You almost certainly do this all the time without even realizing it.  When with our friends or our families, we will often allude to past events and shared experiences to explain or discuss the present.  It might be as explicit as saying “this is like that time we did nnn,” which then communicates all the information associated with whatever nnn was, or more subtle and implicit.  There are references we can make with other groups of people, too, depending on what contexts we share with them.  If we’ve all read the same book or watched the same movie, we can discuss ideas related to those media without retreading the ground already covered therein.  This is why it’s so common to use certain cultural touchstones, like The Lord of the Rings or Star Wars as examples, because they are more likely to be familiar to most of the readership.  I could use examples from my own work for from other books I’ve read, but they would be far less helpful and/or require me to spend a lot more time explaining what I’m trying to get at than would be the case with a more commonplace allusion.

References don’t have to be to other pieces of media – they can be to shared human or cultural experiences, too – but references to media enable a kind of shorthand for entire worlds of information and ideas.  Not so long ago, referencing the classics, like Dante, Virgil, Plato, Aristotle, and so forth, was an effective way to communicate entire worldviews with just a phrase or a word.  The Divine Comedy remains a key source of allusions, even if many people don’t realize they are referencing it, since it is arguably still the dominant basis for the modern conception of the Christian afterlife (the Inferno part, anyway).  However, the decreasing prevalence of classical knowledge makes those references less useful.  Do we have modern equivalents?
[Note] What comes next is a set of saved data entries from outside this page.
Lemma sum_fiber_mod_bounds p q r G C v a : 0 < v -> a < v -> 0 < p ->
  p = q * G + r -> r < G -> C < G ->
  q %/ v <= \sum_(0 <= x < p) ((x %% v == a) && (x * G %/ p == C) : nat)
         <= ceildiv q.+1 v.
Proof.
move=> v_gt0 a_lt_v p_gt0 pE r_lt_G C_lt_G; have G_gt0 : 0 < G by lia.
under eq_bigr do rewrite andbC eq_divn_mul_ceildiv //.
set lo := ceildiv (C * p) G; set hi := ceildiv (C.+1 * p) G.
have hi_le_p : hi <= p.
  rewrite /hi -{2}(ceildivMl p G G_gt0) leq_ceildiv2r //.
  by rewrite [p * G]mulnC leq_mul2r C_lt_G orbT.
have lo_le_hi : lo <= hi by rewrite leq_ceildiv2r // leq_mul2r leqnSn orbT.
have /andP[len_ge len_le] := ceildiv_diff_bounds p q r G C G_gt0 pE r_lt_G.
rewrite sum_nat_restrict // -(subnKC lo_le_hi).
have /andP[lb ub] := sum_mod_interval_bounds v a lo (hi - lo) v_gt0 a_lt_v.
rewrite (leq_trans (leq_div2r v len_ge) lb) /=.
exact: leq_trans ub (leq_ceildiv2r v _ _ len_le).
Qed.

Section Runs.

Variables p v g b : nat.

(* C is read as an n-digit number in base g.  When a = x mod v and C = x g^n %/ p,
   the j-digit prefix C %/ g^(n-j) is x g^j %/ p, and the j-th test says that
   x g^j mod p is congruent to b modulo v. *)
Fixpoint hits n a C : bool :=
  if n is n'.+1 then hits n' a (C %/ g) && (a * g ^ n == b + p * C %[mod v])
  else true.

Definition exact_run t a C :=
  hits t a (C %/ g) && ~~ (a * g ^ t.+1 == b + p * C %[mod v]).

Definition run_at t x :=
  [&& x %% v != b, x * g ^ t.+1 %% p %% v != b
    & all (fun j => x * g ^ j %% p %% v == b) (iota 1 t)].

Definition run_patterns t :=
  \sum_(0 <= a < v) \sum_(0 <= C < g ^ t.+1) ((a != b) && exact_run t a C).

Hypothesis g_gt0 : 0 < g.
Hypothesis b_lt_v : b < v.

Lemma divn_mul_expS x n : x * g ^ n.+1 %/ p %/ g = x * g ^ n %/ p.
Proof. by rewrite -divnMA expnSr mulnA divnMr. Qed.

Lemma hits_iterates n x :
  hits n (x %% v) (x * g ^ n %/ p) =
  all (fun j => x * g ^ j %% p %% v == b) (iota 1 n).
Proof.
elim: n => [//|n IHn].
have -> : iota 1 n.+1 = iota 1 n ++ [:: n.+1].
  by rewrite -[n.+1]addn1 iotaD (addnC 1 n).
by rewrite all_cat /= andbT divn_mul_expS IHn modnMml -modn_mod_eq_divn.
Qed.

Lemma run_atE t x :
  run_at t x = (x %% v != b) && exact_run t (x %% v) (x * g ^ t.+1 %/ p).
Proof.
rewrite /run_at /exact_run divn_mul_expS hits_iterates modnMml -modn_mod_eq_divn //.
by case: (x %% v != b); case: (_ %% v == b); case: all.
Qed.


Hypothesis v_gt0 : 0 < v.
Hypothesis co_vp : coprime v p.

Lemma sum_run_at_fibers t :
  \sum_(0 <= x < p) run_at t x =
  \sum_(0 <= a < v) \sum_(0 <= C < g ^ t.+1) ((a != b) && exact_run t a C) *
    \sum_(0 <= x < p) ((x %% v == a) && (x * g ^ t.+1 %/ p == C)).
Proof.
under eq_big_nat => x _ do rewrite run_atE.
apply: (sum_nat_fibers (fun a C => (a != b) && exact_run t a C)) => x x_lt_p.
have p_gt0 : 0 < p by apply: leq_ltn_trans x_lt_p.
by rewrite ltn_pmod // ltn_divLR // mulnC ltn_pmul2l // expn_gt0 g_gt0.
Qed.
I worry that we do not.  Oh, the amount we communicate with references has not decreased, but the overall relevance of those references is less.  When it comes to media – books, movies, et cetera – there are far fewer pieces that we can confidently reference and expect a significant majority of the potential readership to understand.  Even something as famous and foundational as The Lord of the Rings, and in circles who read genre fiction, there are a great many people I’ve met who only have watched the movies, and will therefore have no idea what I’m talking about if I reference Tom Bombadil, the scouring of the Shire, the barrow wrights, or other elements which did not make the transition.  This is reflective of many factors – the explosion of content (in abundance, diversity, and accessibility), increasing specialization, expanded cultural understandings – and is not a negative, per se, though it may have some negative implications.
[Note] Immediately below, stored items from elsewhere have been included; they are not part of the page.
Lemma contract_flow_feasible y : FH y -> FG (contract_flow y).
Proof.
case/flow_polytopeP=> y_ge0 y_bal; apply/flow_polytopeP.
have last_bal (c : 'I_m.+1) : (c < m)%N -> net_outflowH y (ord_max, c) = 0.
  by move=> cm; rewrite y_bal demandH_last_row ltn_eqF.
have contractE : contract_flow y =1 (fun e => y e + shift_b1 e) \o liftE.
  exact: contract_flowE.
split=> [e1|v]; first by rewrite contract_flowE addr_ge0 ?shift_b1_ge0.
rewrite (eq_net_outflow _ _ contractE); case: v => [v|].
  by rewrite net_outflow_liftE net_outflowD y_bal demandH_lift subrK.
rewrite net_outflow_liftE_sink last_row_inflow_shift_b1 last_row_inflow_total //.
by rewrite y_bal demandH_last_row eqxx /demandG; lra.
Qed.

Lemma contract_flowK y : FH y -> lift_flow (contract_flow y) = y.
Proof.
case/flow_polytopeP=> y_ge0 y_bal; apply/ffunP => e; rewrite lift_flowE /last_row_flow.
case: (boolP ((srcH e).1 == ord_max)) => [/eqP s_max|s_row]; last first.
  by rewrite push_contract_flow // addr0 addrK.
rewrite push_last_row // shift_b1_last_row // subrr add0r.
have he := last_row_horizontal s_max.
rewrite -(hflow_edge _ he) s_max last_row_balance => [|c cm|]; last first.
- by rewrite -ltnS ltn_ord.
- by rewrite y_bal demandH_last_row ltn_eqF.
apply: eq_bigr => e' e'_in; rewrite push_contract_flow ?(into_last_row_src e'_in) //.
by move: e'_in; rewrite inE => /and3P[/shift_b1_vertical -> _ _]; rewrite addr0.
Qed.

End FlowEquivalence.
Lemma blk0 : blk 0 0 = (0, 0).
Proof. by rewrite /blk qmat0 (vm0 Hrep). Qed.

Lemma eps_Cvertex : eps_re v = 1 /\ eps_im v = 0.
Proof. by rewrite /eps_re /eps_im HvC. Qed.

Lemma blk_eTe a c : sandwich (blk a c) = blk a c.
Proof.
have [Ere Eim] := eps_Cvertex; have Dre := D_eps_re; have Dim := D_eps_im.
have Da := D_qmatC a; have Dc := D_qmatC c.
rewrite /sandwich ebfE /tc_mul /blk /= !(vdiag_vm_l Hrep) // Ere Eim.
rewrite !mul1r !mul0r (vm0 Hrep) subr0 addr0 !(vdiag_vm_r Hrep) // Ere Eim.
by rewrite !mulr1 !mulr0 (vm0 Hrep) subr0 add0r.
Qed.

Lemma sigma_blk a c : sigma (blk a c) = blk a (- c).
Proof.
have [Ej Eji] : jq v = 1 /\ jq_inv v = 1 by rewrite /jq /jq_inv HvC.
have Da := D_qmatC a; have Dc := D_qmatC c.
rewrite /sigma /conj_by /blk /G /G_inv /= !(vdiag_vm_l Hrep D_jq) // Ej !mul1r.
by rewrite !(vdiag_vm_r Hrep D_jq_inv) // Eji !mulr1 vm_qmatN.
Qed.

Lemma vm_qmat_inj a a' : vm v 1 != 0 -> vm v (qmat a 0) = vm v (qmat a' 0) -> a = a'.
Proof.
move=> HP E; apply/eqP; rewrite -subr_eq0; apply/negP => /negP Hd.
have H0 : vm v (qmat (a - a') 0) = 0 by rewrite -vm_qmatD -vm_qmatN E subrr.
by move: HP; rewrite -qmat1 -(mulVf Hd) -vm_qmatM H0 mulr0 eqxx.
Qed.

Lemma blk_inj a c a' c' : vm v 1 != 0 -> blk a c = blk a' c' -> a = a' /\ c = c'.
Proof. by move=> HP [/(vm_qmat_inj HP) -> /(vm_qmat_inj HP) ->]. Qed.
Communicating via references is a powerful tool precisely because it speaks to deeper meanings than can be readily and succinctly expressed; however, they are dependent on elements of shared context and understanding which cannot be assumed to be universally present.  The more references upon which you build an argument, the more you are limiting the potential reach of your argument, and this same is true for stories.  Indeed, this is why I tend not to enjoy stories that are too grounded in the present – I find they become too readily irrelevant.  They are inescapable, and the goal should not be to escape them; as with most of the techniques and concepts we ponder in these posts, it is more important that we are aware of how we choose to deploy them.